As an example, suppose we want to maintain the pH = 7.00 with a buffer made from acetic acid and sodium acetate. Acetic acid K_a = 4.76. Then

[A^–]/[HA] = 10^{7.00 – 4.76} = 10^2.24 = 174.

(If you don’t understand why I haven’t given the result of this calculation as 173.78, see post 16.7.) So the molar concentration of sodium acetate must be 174 times the molar concentration of acetic acid in our buffer.

Dissolved carbon dioxide is one way of buffering our body fluids and the sea. In our bodies, carbon dioxide is a product of respiration – the series involved in using the chemical energy of fats and carbohydrates (see post 16.47). When carbon dioxide (CO₂) dissolves in water some of the molecules react with water molecules to form carbonic acid (H₂CO₃).

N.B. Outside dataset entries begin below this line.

Lemma gauss_laplace_le_taylor2 :
  Z <= 1 - c * (exp (s ^ 2 / 2) - 1) + c ^ 2 * exp_remainder_moment2 s / 2.
Proof.
  refine (is_RInt_line_le _
            (fun x => normal_pdf x + -1 * (Y x * normal_pdf x) + / 2 * (Y x ^ 2 * normal_pdf x))
            _ _ _ is_RInt_line_gauss_laplace _).
  - intros x; rewrite exp_neg_scaled_exp_remainder.
    generalize (normal_pdf_pos x) (exp_neg_le_taylor2 (Y x) (scaled_exp_remainder_nonneg x)); nra.
  - apply (is_RInt_line_eq _ (1 + -1 * (c * (exp (s ^ 2 / 2) - 1))
                               + / 2 * (c ^ 2 * exp_remainder_moment2 s))); [| field].
    apply is_RInt_line_plus; [apply is_RInt_line_plus |].
    + apply is_RInt_line_normal_pdf.
    + apply is_RInt_line_scal, is_RInt_line_scaled_exp_remainder.
    + apply is_RInt_line_scal, is_RInt_line_sq_scaled_exp_remainder.
Qed.

Lemma neg_ln_gauss_laplace_bounds :
  Rmax (c * (exp (s ^ 2 / 2) - 1) - c ^ 2 * exp_remainder_moment2 s / 2) 0 <= - ln Z
  /\ - ln Z <= c * (exp (s ^ 2 / 2) - 1).
Proof.
  assert (Hpos : 0 < Z)
    by (eapply Rlt_le_trans; [apply exp_pos | apply exp_neg_mean_le_gauss_laplace]).
  assert (Hle1 := gauss_laplace_le_1).
  assert (Hlow := exp_neg_mean_le_gauss_laplace).
  assert (Hup := gauss_laplace_le_taylor2).
  assert (Hln_le : ln Z <= Z - 1) by (generalize (exp_ineq1_le (ln Z)); rewrite exp_ln; lra).
  assert (Hln_nonpos : ln Z <= 0) by (rewrite <- ln_1; apply ln_le; lra).
  assert (Hln_ge : - (c * (exp (s ^ 2 / 2) - 1)) <= ln Z)
    by (rewrite <- (ln_exp (- _)); apply ln_le; [apply exp_pos | exact Hlow]).
  split; [apply Rmax_lub |]; lra.
Qed.

End GaussLaplace.

(** * The Lambert function *)

Lemma mul_exp_lt a b : 0 <= a -> a < b -> a * exp a < b * exp b.
Proof. intros Ha Hab; generalize (exp_increasing a b Hab) (exp_pos a); nra. Qed.

Lemma LambertW_spec x : 0 < x -> 0 < LambertW x /\ LambertW x * exp (LambertW x) = x.
Proof.
  intros Hx.
  assert (Hex : exists y, -1 < y /\ y * exp y = x).
  { destruct (IVT (fun y => y * exp y - x) 0 x) as [y [Hy Ey]].
    - apply continuity_minus; [| apply continuity_const; intros ? ?; reflexivity].
      apply continuity_mult; apply derivable_continuous; [apply derivable_id | apply derivable_exp].
    - exact Hx.
    - rewrite exp_0; lra.
    - generalize (exp_ineq1_le x); nra.
    - exists y; split; lra. }
  destruct (epsilon_spec (inhabits 0) (fun y => -1 < y /\ y * exp y = x) Hex) as [H1 H2].
  fold (LambertW x) in H1, H2; split; [generalize (exp_pos (LambertW x)); nra | exact H2].
Qed.

Lemma LambertW_le x : 0 < x -> LambertW x <= x.
Proof.
  intros Hx; destruct (LambertW_spec x Hx) as [Hw Hwx].
  generalize (exp_ineq1_le (LambertW x)); nra.
Qed.

Lemma LambertW_mul_exp y : 0 < y -> LambertW (y * exp y) = y.
Proof.
  intros Hy; assert (Hx : 0 < y * exp y) by (generalize (exp_pos y); nra).
  destruct (LambertW_spec _ Hx) as [Hw Hwx].
  destruct (Rtotal_order (LambertW (y * exp y)) y) as [Hlt | [Heq | Hgt]]; [| exact Heq |].
  - generalize (mul_exp_lt _ _ (Rlt_le _ _ Hw) Hlt); lra.
  - generalize (mul_exp_lt _ _ (Rlt_le _ _ Hy) Hgt); lra.
Qed.

Lemma LambertW_le_compat x y : 0 < x -> x <= y -> LambertW x <= LambertW y.
Proof.
  intros Hx Hxy; destruct (LambertW_spec x Hx) as [Hwx Ex], (LambertW_spec y ltac:(lra)) as [Hwy Ey].
  destruct (Rle_lt_dec (LambertW x) (LambertW y)) as [| Hlt]; [assumption |].
  generalize (mul_exp_lt _ _ (Rlt_le _ _ Hwy) Hlt); lra.
Qed.

(* Inverse function theorem for [y |-> y e^y] on [[W x / 2, W x + 1]]. *)
Lemma is_derive_LambertW x :
  0 < x -> is_derive LambertW x (/ ((1 + LambertW x) * exp (LambertW x))).
Proof.
  intros Hx; set (f := fun y => y * exp y).
  assert (Hf' : forall y, derivable_pt_lim f y ((1 + y) * exp y))
    by (intros; apply is_derive_Reals; unfold f; auto_derive; [exact I | ring]).
  destruct (LambertW_spec x Hx) as [Hw Hwx]; set (w := LambertW x) in *.
  set (lb := w / 2); set (ub := w + 1).
  assert (Hfpos : 0 < f lb) by (unfold f, lb; generalize (exp_pos (w / 2)); nra).
  assert (Hxin : f lb < x < f ub) by (rewrite <- Hwx; split; apply mul_exp_lt; unfold lb, ub; lra).
  assert (Hends : LambertW (f lb) = lb /\ LambertW (f ub) = ub)
    by (split; apply LambertW_mul_exp; unfold lb, ub; lra).
  assert (Hrange : forall z, f lb <= z -> z <= f ub -> lb <= LambertW z <= ub).
  { intros z H1 H2; destruct Hends as [E1 E2].
    split; [rewrite <- E1 | rewrite <- E2]; apply LambertW_le_compat; lra. }
  assert (Hinv : forall z, f lb <= z -> z <= f ub -> comp f LambertW z = id z)
    by (intros z H1 H2; unfold comp, id; apply LambertW_spec; lra).
  assert (Hcont : continuity_pt LambertW x).
  { apply (continuity_pt_recip_interv f LambertW lb ub); try assumption.
    - unfold lb, ub; lra.
    - intros; apply mul_exp_lt; unfold lb in *; lra.
    - intros; apply derivable_continuous_pt; exists ((1 + a) * exp a); apply Hf'. }
  assert (Hwin : LambertW (f lb) <= LambertW x <= LambertW (f ub))
    by (destruct Hends as [-> ->]; apply Hrange; lra).
  pose (Prf := fun a (_ : LambertW (f lb) <= a <= LambertW (f ub)) =>
                 exist (fun l => derivable_pt_lim f a l) _ (Hf' a)).
  assert (H := derivable_pt_lim_recip_interv f LambertW (f lb) (f ub) x Prf Hcont
                 ltac:(lra) Hxin Hwin (fun z Hz => Hinv z (proj1 Hz) (proj2 Hz))).
  apply is_derive_Reals; replace (/ ((1 + w) * exp w)) with (1 / ((1 + w) * exp w)) by apply Rmult_1_l.
  apply H; change ((1 + w) * exp w <> 0); generalize (exp_pos w); nra.
Qed.

Lemma continuous_LambertW x : 0 < x -> continuous LambertW x.
Proof. intros Hx; apply continuous_of_ex_derive; eexists; apply is_derive_LambertW, Hx. Qed.

(** * Local C^1 calculus *)

Definition C1_at (f : R -> R) (x : R) : Prop :=
  exists f', locally x (fun y => is_derive f y (f' y)) /\ continuous f' x.

Lemma C1_on_of_C1_at (f : R -> R) a b : (forall x, a < x < b -> C1_at f x) -> C1_on f a b.
Proof.
  intros Hf x Hx; destruct (Hf x Hx) as [f' [Hd Hc]]; split.
  - eexists; apply (locally_singleton _ _ Hd).
  - apply (continuous_ext_loc _ f'); [| exact Hc].
    apply locally_locally in Hd; revert Hd; apply filter_imp; intros y Hy.
    symmetry; apply is_derive_unique, (locally_singleton _ _ Hy).
Qed.

Lemma C1_at_continuous (f : R -> R) x : C1_at f x -> continuous f x.
Proof.
  intros [f' [Hd _]]; apply continuous_of_ex_derive; eexists; apply (locally_singleton _ _ Hd).
Qed.

Lemma C1_at_smooth (f f' : R -> R) x :
  (forall y, is_derive f y (f' y)) -> (forall y, continuous f' y) -> C1_at f x.
Proof. intros Hd Hc; exists f'; split; [apply filter_forall, Hd | apply Hc]. Qed.

Lemma C1_at_const (k x : R) : C1_at (fun _ => k) x.
Proof.
  apply (C1_at_smooth _ (fun _ => 0)); [intros; auto_derive; auto | intros; apply continuous_const].
Qed.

Some of these carbonic acid molecules can dissociate to form bicarbonate (HCO₃^–; also called hydrogen carbonate) and H⁺ ions. Some of the bicarbonate ions can further dissociate into carbonate (CO₃^2-) and H⁺ ions, although this second dissociation is negligible in body fluids like blood. This series of chemical reactions can be represented by

and the structures of the bicarbonate and carbonate ions are shown in the picture below. The double-headed arrows (red) and the curly arrows (blue) are explained in post 25.4; or ignore them and just look at the structures on the left-hand side of the picture.

The important part of this series of reactions for buffering our blood is shown below.

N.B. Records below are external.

(* Let $E$ be a graph and $k$ a field. If any two irreducible representations of $L_k(E)$ are algebraically equivalent, then $E$ has no cycles.
   Context: A graph $E=(E^0,E^1,r,s)$ has vertex set $E^0$, edge set $E^1$, range and source maps; no countability assumed. A vertex is regular if it emits a finite nonzero number of edges. A cycle is a path $e_1\cdots e_n$ ($n\ge1$, $r(e_i)=s(e_{i+1})$) with $s(e_1)=r(e_n)$. $L_k(E)$ is the universal $k$-algebra generated by pairwise orthogonal idempotents $p_v$ ($v\in E^0$) and elements $s_e,s_e^*$ ($e\in E^1$) with $p_{s(e)}s_e=s_e=s_ep_{r(e)}$, $p_{r(e)}s_e^*=s_e^*=s_e^*p_{s(e)}$, $s_e^*s_f=\delta_{e,f}p_{r(e)}$, and $p_v=\sum_{s(e)=v}s_es_e^*$ for each regular $v$. Representations $\rho_i:L_k(E)\to\mathrm{End}_k(V_i)$ are algebraically equivalent if $\rho_1(a)=T^{-1}\rho_2(a)T$ for all $a$ for some linear isomorphism $T:V_1\to V_2$; irreducible means the only invariant subspaces are $0$ and the whole space. *)

From HB Require Import structures.
From mathcomp Require Import all_boot all_algebra.
From Stdlib Require Import List.
Set Implicit Arguments. Unset Strict Implicit. Unset Printing Implicit Defensive.
Import GRing.Theory.
Local Open Scope ring_scope.

(* A directed graph E = (E^0, E^1, r, s); no countability assumed. *)
Record graph := Graph {
  vert : Type;
  edge : Type;
  rg : edge -> vert;
  sc : edge -> vert }.

Section LPA.
Variables (E : graph) (k : fieldType).

Definition emits_list (v : vert E) (l : list (edge E)) : Prop :=
  NoDup l /\ (forall e, In e l <-> sc e = v).

Definition regular (v : vert E) : Prop :=
  exists l, l <> nil /\ emits_list v l.

Definition has_cycle : Prop :=
  exists (n : nat) (f : nat -> edge E), (0 < n)%N /\
    (forall i, (i.+1 < n)%N -> rg (f i) = sc (f i.+1)) /\
    sc (f 0%N) = rg (f n.-1).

If anything happens that tends to acidify the blood, the additional H⁺ ions combine with bicarbonate ions to form carbonic acid molecules to because the value of K_a for carbonic acid must stay constant. And if anything happens to make the blood more alkaline, additional H⁺ ions are produced by the dissociation of carbonic acid molecules – for the same reason. This is also explained, in a slightly different way, in post 20.16. In this example the buffer consists simply of a weak acid (H₂CO₃) and its conjugate base (HCO₃^–); in our previous example the conjugate base was augmented by the sodium salt of the acid.

Sea water is buffered by the same reactions. But if the concentration of carbon dioxide becomes too high, the sea will contain excess carbonic acid molecules and hence excess H⁺ ions, so the pH of the sea decreases, that is the sea becomes more acid. This could be hazardous to some forms of marine life.

Related posts

25.6 Henderson-Hasselbach equation
25.5 Organic acids
20.16 Homeostasis 1
18.5 Calculating pH values
18.1 pH
17.50 Alkalis
17.49 Acids

Appendix

The Henderson-Hasselbach equation states that

pH = pK_a + log₁₀([A^–]/[HA]).

Here log₁₀(x) means the logarithm of x to the base 10 (see post 18.3). Rearranging this equation gives

log₁₀([A^–]/[HA]) = pH – pK_a

so the ratio [A^–] to [HA] to achieve our required pH is given by

[A^–]/[HA] = 10^{(pH – pKa)}.

This result follows from the definition of a logarithm (see post 18.3).